I don’t want to be one of those old people who focuses on his infirmities. It will take vigilance: today I do.

mold age

many elders are at sea

oleo or e f g

dimmer mort conturbs at me

carborundum on withered flesh: a long day,
and the latest surprise guest is in the lumbar region,
driving pitons into vertebrae to climb the lower spine.

the wrongnesses have been like the plagues of egypt.
monday was spike-headache day, tuesday the closure of left nostril lane,
wednesday the night of the thousand urinations,
thursday noise sensitivity, friday eyeleak, and now
tiny adventurers are scaling the coccyx and points north.

ah, but it is good to be alive.
ah, but it seems to be less good each day.
ah, but there is always a kiss or a good meal just around the corner . . .

childhood saw its maddening chickenpox, its horrible stomachaches,
its flesh-abrading spills and sprains.
in retrospect, it was old age prep:
this hurts. enjoy that the hurt will fade, since you are young.

the old man enjoys
oases of good and painless feeling,
and he hates whining, especially his own,
but sometimes the carborundum wins a fall.

001

done places, gone things

[Satan, to a newly arrived Chicagoan]
The trouble with you Chicago people is,
that you think you are the best people down here;
whereas you are merely the most numerous.
Mark Twain (“Pudd’nhead Wilson’s New Calendar”)

in our language of euphemism and shorthand,
first we get older and then we get old.
we go there and do that and get the t-shirt.
if we like it enough we go and do and get again.

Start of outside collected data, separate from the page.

(* Maps on ⊔_l (G_l × G_l) are represented by total maps X -> X -> _,
   of which only the values on pairs in a common group are ever used. *)
Definition mcq_conditions (X : MCQ) (R : nzRingType) (M : lmodType R)
  (f1 f2 f3 f4 : X -> X -> R) (phi1 phi2 : X -> X -> M) : Prop :=
  let op := @qop X in let mul := @gmul X in let inv := @ginv X in
  let e := @gone X in let g := @grp X in
  (* (0-i) .. (0-phi) *)
  (forall a b c, g a = g b -> g b = g c ->
     [/\ ring_invertible (f3 a b) /\ ring_invertible (f4 a b),
         f3 (mul a b) c * f3 a b = f3 a (mul b c),
         f3 (mul a b) c * f4 a b = f4 a (mul b c) * f3 b c,
         f4 (mul a b) c = f4 a (mul b c) * f4 b c &
         f3 (mul a b) c *: phi2 a b + phi2 (mul a b) c
           = f4 a (mul b c) *: phi2 b c + phi2 a (mul b c)]) /\
  (* (1-i), (1-ii), (1-phi) *)
  (forall a b, g a = g b ->
     [/\ f1 a b = f4 (inv b) (mul a b) * f3 a b,
         f3 b (mul (inv b) (mul a b)) + f4 b (mul (inv b) (mul a b)) * f2 a b
           = f4 a b &
         f4 b (mul (inv b) (mul a b)) *: phi1 a b
           + phi2 b (mul (inv b) (mul a b)) = phi2 a b]) /\
  (* (2-i), (2-phi i) *)
  (forall x l, f1 x (e l) = 1 /\ f2 x (e l) *: phi2 (e l) (e l) = phi1 x (e l)) /\
  (* (2-ii), (2-iii), (2-iv), (2-phi ii) *)
  (forall x a b, g a = g b ->
     [/\ f1 x (mul a b) = f1 (op x a) b * f1 x a,
         f2 x (mul a b) * f3 a b = f1 (op x a) b * f2 x a,
         f2 x (mul a b) * f4 a b = f2 (op x a) b &
         f2 x (mul a b) *: phi2 a b + phi1 x (mul a b)
           = f1 (op x a) b *: phi1 x a + phi1 (op x a) b]) /\
  (* (3-i), (3-ii), (3-iii), (3-phi) *)
  (forall x y z,
     [/\ f1 (op x y) z * f1 x y = f1 (op x z) (op y z) * f1 x z,
         f1 (op x y) z * f2 x y = f2 (op x z) (op y z) * f1 y z,
         f2 (op x y) z = f1 (op x z) (op y z) * f2 x z
                          + f2 (op x z) (op y z) * f2 y z &
         f1 (op x y) z *: phi1 x y + phi1 (op x y) z
           = f1 (op x z) (op y z) *: phi1 x z + f2 (op x z) (op y z) *: phi1 y z
             + phi1 (op x z) (op y z)]) /\
  (* (4-i), (4-ii), (4-iii), (4-phi) *)
  (forall a b x, g a = g b ->
     [/\ f1 (mul a b) x * f3 a b = f3 (op a x) (op b x) * f1 a x,
         f1 (mul a b) x * f4 a b = f4 (op a x) (op b x) * f1 b x,
         f2 (mul a b) x = f3 (op a x) (op b x) * f2 a x
                          + f4 (op a x) (op b x) * f2 b x &
         f1 (mul a b) x *: phi2 a b + phi1 (mul a b) x
           = f3 (op a x) (op b x) *: phi1 a x + f4 (op a x) (op b x) *: phi1 b x
             + phi2 (op a x) (op b x)]).

From mathcomp Require Import all_boot all_algebra.
Import GRing.Theory.
Local Open Scope ring_scope.
Set Implicit Arguments. Unset Strict Implicit.

(* For u in a group G_l put  k u := f3 (u, u^-1)  and  h u := f1 (e_u, u^-1).
   The cocycle conditions (0-ii), (0-iii) show that k trivializes f3 and
   turns f4 into h:
       k (uv) f3 (u, v) = k u,        k (uv) f4 (u, v) = h u * k v,
   and k u is a two-sided inverse of f3 (e_u, u).  The new tuple multiplies
   f2, phi1, phi2 on the left by k of the corresponding group element
   (x <| y, resp. ab), which replaces f3 by 1 and f4 by h; each new
   condition is then the old one multiplied on the left by k and rewritten
   with the identities above together with (1-i), (2-ii) and (4-i). *)

Section MCQGroups.
Variable X : MCQ.
Implicit Types a b c u v x y : X.

Lemma ginv_unique u v : grp u = grp v -> gmul u v = gone (grp u) -> v = ginv u.
Proof.
move=> huv uv1.
rewrite -[v]gmul1l -huv -(gmulVl u) gmulA ?grp_ginv // uv1.
by rewrite -(grp_ginv u) gmul1.
Qed.

Lemma ginvK a : ginv (ginv a) = a.
Proof. by apply/esym/ginv_unique; rewrite ?grp_ginv // gmulVl. Qed.

Lemma gone_mul l : gmul (@gone X l) (gone l) = gone l.
Proof. by have := gmul1 (gone l); rewrite grp_gone. Qed.

Lemma ginv_gone l : ginv (@gone X l) = gone l.
Proof. by apply/esym/ginv_unique; rewrite // gone_mul grp_gone. Qed.

Lemma ginvM a b : grp a = grp b -> ginv (gmul a b) = gmul (ginv b) (ginv a).
Proof.
move=> hab; apply/esym/ginv_unique; first by rewrite !grp_gmul ?grp_ginv.
rewrite gmulA ?grp_gmul ?grp_ginv // -(@gmulA _ b) ?grp_ginv // gmulV -hab.
by rewrite -(grp_ginv a) gmul1l grp_ginv gmulV.
Qed.

Lemma gmul_ginvM a b : grp a = grp b -> gmul b (ginv (gmul a b)) = ginv a.
Proof.
move=> hab; rewrite ginvM // -gmulA ?grp_ginv // gmulV -hab.
by rewrite -(grp_ginv a) gmul1l.
Qed.

Lemma gmulKV b x : grp b = grp x -> gmul b (gmul (ginv b) x) = x.
Proof. by move=> hbx; rewrite -gmulA ?grp_ginv // gmulV hbx gmul1l. Qed.

Lemma gmulVK a b : grp a = grp b -> gmul (ginv a) (gmul a b) = b.
Proof. by move=> hab; rewrite -gmulA ?grp_ginv // gmulVl hab gmul1l. Qed.

(* Acting by x maps identities to identities (the action is a homomorphism
   between groups by (iv), and e e = e). *)
Lemma qop_gone l x : qop (@gone X l) x = gone (grp (qop (gone l) x)).
Proof.
set u := qop (gone l) x.
have uu : gmul u u = u by rewrite /u -qop_hom // gone_mul.
by rewrite -(gmulV u) -{2}uu gmulA ?grp_ginv // gmulV gmul1.
Qed.

Lemma qop_gone_grp x a : qop (gone (grp x)) a = gone (grp (qop x a)).
Proof. by rewrite qop_gone; congr gone; apply: qop_grp; rewrite grp_gone. Qed.

Lemma qop_gone_same c l : grp c = l -> qop (@gone X l) c = gone l.
Proof. by move=> <-; rewrite qop_conj ?grp_gone // gmul1l gmulVl. Qed.

Lemma qop_ginv a x : qop (ginv a) x = ginv (qop a x).
Proof.
apply: ginv_unique; first by apply: qop_grp; rewrite grp_ginv.
by rewrite -qop_hom ?grp_ginv // gmulV qop_gone_grp.
Qed.
End MCQGroups.

Section TwoSidedUnits.
Variable R : nzRingType.
Implicit Types r s x y : R.

Lemma invertible_rinv r s : ring_invertible r -> s * r = 1 -> r * s = 1.
Proof.
move=> [t [rt _]] sr.
by have -> : s = t by rewrite -[s]mulr1 -rt mulrA sr mul1r.
Qed.

Lemma invertible_mulIr r x y : ring_invertible r -> x * r = y * r -> x = y.
Proof.
move=> [t [rt _]] xy.
by rewrite -[x]mulr1 -rt mulrA xy -mulrA rt mulr1.
Qed.

Lemma invertible_mul r s :
  ring_invertible r -> ring_invertible s -> ring_invertible (r * s).
Proof.
move=> [t [rt tr]] [u [su us]]; exists (u * t); split.
  by rewrite mulrA -(mulrA r) su mulr1 rt.
by rewrite mulrA -(mulrA u) tr mulr1 us.
Qed.
End TwoSidedUnits.

Section ConditionBlocks.
Variables (X : MCQ) (R : nzRingType) (M : lmodType R).

Definition cocycle_block (f3 f4 : X -> X -> R) (phi2 : X -> X -> M) :=
  forall a b c : X, grp a = grp b -> grp b = grp c ->
  [/\ ring_invertible (f3 a b) /\ ring_invertible (f4 a b),
      f3 (gmul a b) c * f3 a b = f3 a (gmul b c),
      f3 (gmul a b) c * f4 a b = f4 a (gmul b c) * f3 b c,
      f4 (gmul a b) c = f4 a (gmul b c) * f4 b c &
      f3 (gmul a b) c *: phi2 a b + phi2 (gmul a b) c
        = f4 a (gmul b c) *: phi2 b c + phi2 a (gmul b c)].

Definition conj_block (f1 f2 f3 f4 : X -> X -> R) (phi1 phi2 : X -> X -> M) :=
  forall a b : X, grp a = grp b ->
  [/\ f1 a b = f4 (ginv b) (gmul a b) * f3 a b,
      f3 b (gmul (ginv b) (gmul a b)) + f4 b (gmul (ginv b) (gmul a b)) * f2 a b
        = f4 a b &
      f4 b (gmul (ginv b) (gmul a b)) *: phi1 a b
        + phi2 b (gmul (ginv b) (gmul a b)) = phi2 a b].

Definition unit_block (f1 f2 : X -> X -> R) (phi1 phi2 : X -> X -> M) :=
  forall (x : X) l,
  f1 x (gone l) = 1 /\ f2 x (gone l) *: phi2 (gone l) (gone l) = phi1 x (gone l).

when you’ve already been older and are heading for old,
life’s increasing limitations elbow their way in,
so you stroll along the strand rather than running tirelessly through it
on the way to something else,

or get quietly smashed instead of raising hell.
you turn in your young-person card
and start referring to young adults as “kids.”
in our language of euphemism and shorthand,

we “slow down” as we “get on”
though we tell ourselves “fifty is the new thirty”
and other nonsense,
and some of us take desperate measures:

doctors saw at the skin of our faces
or inject paralyzing toxin into it, or both,
and sometimes the masquerade works,
and sometimes it doesn’t.

we get offered “rewards” that are enticements
for the dispensation of our disposable and not-so-disposable cash.
we get mail about cremations and cruises
and we get fading music.

the cradle rocks and the grave is still.
in between, the speed limit will go from 75 to 15
and there’ll be a wiggly pointed line on a yellow background.
it is then that we find out what we’re made of.